Cross-validation優化資訊多分類模型引數
在上一篇(https://blog.csdn.net/baymax_007/article/details/82775180)中,只是簡單選用邏輯迴歸、決策樹、隨機森林、多層感知分類器、xgboost、樸素貝葉斯分類對資訊進行分類。然而,實際分類模型效果受模型初始化的引數影響,選取合適引數可以提高分類效果。
交叉驗證(Cross-validation)是常用的模型引數優化方法。CrossValidator將資料集劃分為若干子集分別地進行訓練和測試。如當k=3時,CrossValidator產生3個訓練資料與測試資料對,每個資料對使用2/3的資料來訓練,1/3的資料來測試。對於一組特定的引數表,CrossValidator計算基於三組不同訓練資料與測試資料對訓練得到的模型的評估準則的平均值。確定最佳引數表後,CrossValidator最後使用最佳引數表基於全部資料來重新擬合估計器。
spark ml提供ParamBuilder來重構模型搜尋引數網路,CrossValidator例項可以設定搜尋網路引數param和模型pipelines。
一、試驗設計
1. 特徵提取引數選取
CountVectorizer將分詞後關鍵詞轉換為數值型的關鍵詞頻數特徵,涉及詞彙表的最大含量vocabsize和詞彙表中的詞語至少要在多少個不同文的那個中出現的引數minDF。
2.分類模型引數選擇
2.1 邏輯迴歸
regParam:正則化係數,防止過擬合
elasticNetParam:正則化正規化比,L1:L2
2.2 決策樹
impurity:不純度,可選型別entropy,gini
maxDepth:樹的最大深度
maxBins:離散化連續特徵的最大劃分數
minInfoGain:一個節點分裂的最小資訊增益比
minInstancesPerNode:每個節點包含的最小樣本數
2.3 隨機森林
impurity:純度度量函式,可選型別entropy,gini
maxDepth:樹的最大深度
maxBins:連續特徵離散化的最大劃分數
minInfoGain:一個節點分裂的最小資訊增益比
minInstancesPerNode:每個節點包含的最小樣本數
numTrees:bootstrap訓練需要的樹個數
subsamplingRate:訓練森林時每次取樣的比例
2.4 XGBOOST
eta:學習速率,預設0.3
maxDepth:樹最大深度
numRound:boosting次數
apha:L1正則係數
2.5 樸素貝葉斯分類
smoothing:平滑引數
3.交叉驗證
ml包提供交叉驗證尋找最佳引數api,使用ParamGrid通過addGrid支援對pipeline模型的網路引數設定,並在CrossValidator訓練中尋找最優引數。
4.具體設計
二、程式碼實現
1.邏輯迴歸引數尋優
1.1 程式碼
val lrStartTime = new Date().getTime
val lrPipeline = new Pipeline()
.setStages(Array(indexer,segmenter,remover,vectorizer,lr,converts))
// 交叉驗證引數設定和模型
val lrParamGrid = new ParamGridBuilder()
.addGrid(vectorizer.vocabSize,Array(1<<10,1<<18))
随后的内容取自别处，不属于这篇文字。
(* Let $\mathcal{C}$ be a CD-category equipped with a normalisation structure $\mathrm{nrm}$ and with cancellative comparators $\nabla$. (i) If $\omega\colon I\to X$ is a state with full support, then $\mathrm{nrm}\big(\nabla_X\circ(\omega\otimes \mathrm{id}_X)\big)=\mathrm{id}_X$ as maps $X\to X$. (ii) More generally, if $c\colon X\to Y$ is a channel with full support, then $\mathrm{nrm}\big(\nabla_Y\circ(c\otimes \mathrm{id}_Y)\big)=\,!_X\otimes \mathrm{id}_Y$ as maps $X\otimes Y\to Y$.
   Context: A CD-category is a symmetric monoidal category (unit $I$) in which every object $X$ carries a copy map $\Delta_X\colon X\to X\otimes X$ and a discard map $!_X\colon X\to I$ forming a commutative comonoid, compatibly with $\otimes$. A map $f$ is a channel if $!\circ f=\,!$; a state is a map $I\to X$. The domain of $f\colon X\to Y$ is $\mathrm{dom}(f)=\,!_Y\circ f$; $g\colon X\to Y$ is a normalisation of $f$ if $f=(\mathrm{dom}(f)\otimes g)\circ\Delta_X$; $f$ is normalised if it is a normalisation of itself. A normalisation structure assigns to every $f\colon X\to Y$ a normalised map $\mathrm{nrm}(f)\colon X\to Y$ that is a normalisation of $f$, such that: $\mathrm{nrm}(f\otimes g)=\mathrm{nrm}(f)\otimes\mathrm{nrm}(g)$; $\mathrm{nrm}(h\circ f)=h\circ\mathrm{nrm}(f)$ for every channel $h$; discarders and copiers on inputs can be pulled out, i.e. $\mathrm{nrm}(f\circ(\mathrm{id}\otimes !))=\mathrm{nrm}(f)\circ(\mathrm{id}\otimes !)$ and $\mathrm{nrm}(f\circ\Delta)=\mathrm{nrm}(f)\circ\Delta$; and $\mathrm{nrm}(f)=f$ whenever $f$ is normalised. A comparator structure assigns to each $X$ a map $\nabla_X\colon X\otimes X\to X$ that is commutative, associative, compatible with $\otimes$, and satisfies the Frobenius/spider equations $\nabla\circ\Delta=\mathrm{id}$ and $(\nabla\otimes\mathrm{id})\circ(\mathrm{id}\otimes\Delta)=\Delta\circ\nabla=(\mathrm{id}\otimes\nabla)\circ(\Delta\otimes\mathrm{id})$. The cap is $\cap_X=\,!_X\circ\nabla_X\colon X\otimes X\to I$. Comparators are cancellative if for $f,g\colon A\to Y\otimes Z$, $(\cap_Y\otimes\mathrm{id}_Z)\circ(\mathrm{id}_Y\otimes f)=(\cap_Y\otimes\mathrm{id}_Z)\circ(\mathrm{id}_Y\otimes g)$ implies $f=g$. A map $f\colon X\to Y$ has full support if $\mathrm{nrm}\big(\cap_Y\circ(f\otimes\mathrm{id}_Y)\big)=\,!_{X\otimes Y}$ (a state is the case $X=I$). In the Kleisli category of the finite subdistribution monad (maps $X\to\mathcal{D}_{\le1}(Y)$, $\mathrm{nrm}$ = pointwise rescaling to total mass $1$, with the zero subdistribution sent to itself, $\nabla(x,x')=1|x\rangle$ if $x=x'$ and $0$ otherwise), full support of $f$ means $f(x)(y)>0$ for all $x,y$. *)

(* The underlying symmetric monoidal category is NOT
   assumed strict: associators, unitors and the symmetry are explicit. *)

Set Implicit Arguments.
Unset Strict Implicit.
.addGrid(vectorizer.minDF,Array(1.0,2.0))
.addGrid(lr.regParam,Array(0.1,0.01))
.addGrid(lr.elasticNetParam,Array(0.1,0.0))
.build()
val lrCv = new CrossValidator()
.setEstimator(lrPipeline)
.setEvaluator(new MulticlassClassificationEvaluator)
.setEstimatorParamMaps(lrParamGrid)
.setNumFolds(2)
.setParallelism(4)
val lrModel = lrCv.fit(train)
val lrValiad = lrModel.transform(train)
val lrPredictions = lrModel.transform(test)
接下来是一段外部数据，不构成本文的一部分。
Definition run_prob (R : realType) (A : algo) n
    (sel : bs n -> seq (bs n * bs n) -> bs n -> R)
    (s0 : bs n) (h : seq (bs n * bs n)) : R :=
  (2%:R ^+ n)^-1 *
  \prod_(i < size h)
     (sel s0 (take i h) (nth (s0, s0) h i).1 *
      mutprob R A (nth (s0, s0) h i).1 (nth (s0, s0) h i).2).

(* P(T > t): none of the populations P_0, ..., P_t covers the front. *)
Definition tail_prob (R : realType) (A : algo) n
    (sel : bs n -> seq (bs n * bs n) -> bs n -> R) (t : nat) : R :=
  \sum_(s0 : bs n) \sum_(h : t.-tuple (bs n * bs n))
     (if [forall i : 'I_t.+1, ~~ covers (pop s0 (take i h))]
      then @run_prob R A n sel s0 h else 0).

(* E[T] <= B, with E[T] = sum_{t>=0} P(T > t) (tail-sum formula for a
   nonnegative integer random variable; the series has nonnegative terms). *)
Definition expected_time_le (R : realType) (A : algo) n
    (sel : bs n -> seq (bs n * bs n) -> bs n -> R) (B : R) : Prop :=
  forall N : nat, \sum_(t < N) @tail_prob R A n sel t <= B.

From HB Require Import structures.
From mathcomp Require Import all_boot all_order all_algebra.
From mathcomp Require Import all_classical all_reals all_analysis.
From mathcomp Require Import zify ring lra.
Import Order.TTheory GRing.Theory Num.Theory.
Local Open Scope ring_scope.
Set Implicit Arguments. Unset Strict Implicit. Unset Printing Implicit Defensive.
val evaluator = new MulticlassClassificationEvaluator()
.setLabelCol("label")
.setPredictionCol("prediction")
.setMetricName("accuracy")
val accuracyLrt = evaluator.evaluate(lrValiad)
println(s"邏輯迴歸驗證集分類準確率 = $accuracyLrt")
val accuracyLrv = evaluator.evaluate(lrPredictions)
println(s"邏輯迴歸測試集分類準確率 = $accuracyLrv")
val lrEndTime = new Date().getTime
val lrCostTime = (lrEndTime - lrStartTime)/lrParamGrid.length
println(s"邏輯迴歸分類耗時:$lrCostTime")
// 獲取最優模型
val bestLrModel = lrModel.bestModel.asInstanceOf[PipelineModel]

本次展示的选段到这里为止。